Find "ER_sup (fun t" and "match i, j, l with" in the records below. Copy the lines holding them and every line between, exactly, and no others.

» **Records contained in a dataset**

>>>

(* h o z for z = (z1,z2,z3) with z_i(0) = 0 (then only finitely many
   monomials contribute to each coefficient) *)
Definition comp (h : ps3) (z1 z2 z3 : ps1) : ps1 :=
  fun k => csum (S k) (fun i => csum (S k) (fun j => csum (S k) (fun l =>
    Cmul (h i j l) (mul1 (mul1 (pow1 z1 i) (pow1 z2 j)) (pow1 z3 l) k)))).

Definition in_Gamma (z1 z2 z3 : ps1) : Prop :=
  conv1 z1 /\ conv1 z2 /\ conv1 z3 /\
  z1 0%nat = C0 /\ z2 0%nat = C0 /\ z3 0%nat = C0 /\
  exists k, z1 k <> C0 \/ z2 k <> C0 \/ z3 k <> C0.

Definition vcurve (z1 z2 z3 : ps1) : ER := ERmin (vord z1) (ERmin (vord z2) (vord z3)).

Fixpoint lincomb (cs gs : list ps3) : ps3 :=
  match cs, gs with
  | c :: cs', g :: gs' => fun i j l => Cadd (mul3 c g i j l) (lincomb cs' gs' i j l)
  | _, _ => fun _ _ _ => C0
  end.
Definition in_ideal (gs : list ps3) (h : ps3) : Prop :=
  exists cs, length cs = length gs /\ Forall conv3 cs /\
    forall i j l, h i j l = lincomb cs gs i j l.

Definition T1 (gs : list ps3) : ER :=
  ER_sup (fun t => exists z1 z2 z3, in_Gamma z1 z2 z3 /\
    t = ER_inf (fun s => exists h, in_ideal gs h /\
          s = ERdiv (vord (comp h z1 z2 z3)) (vcurve z1 z2 z3))).

Definition C3 := (C * C * C)%type.
Definition lin (a : C3) : ps3 :=
  fun i j l =>
    match i, j, l with
    | 1%nat, 0%nat, 0%nat => fst (fst a)
    | 0%nat, 1%nat, 0%nat => snd (fst a)
    | 0%nat, 0%nat, 1%nat => snd a
    | _, _, _ => C0
    end.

<<<

» **Your solution**
  ER_sup (fun t => exists z1 z2 z3, in_Gamma z1 z2 z3 /\
    t = ER_inf (fun s => exists h, in_ideal gs h /\
          s = ERdiv (vord (comp h z1 z2 z3)) (vcurve z1 z2 z3))).

Definition C3 := (C * C * C)%type.
Definition lin (a : C3) : ps3 :=
  fun i j l =>
    match i, j, l with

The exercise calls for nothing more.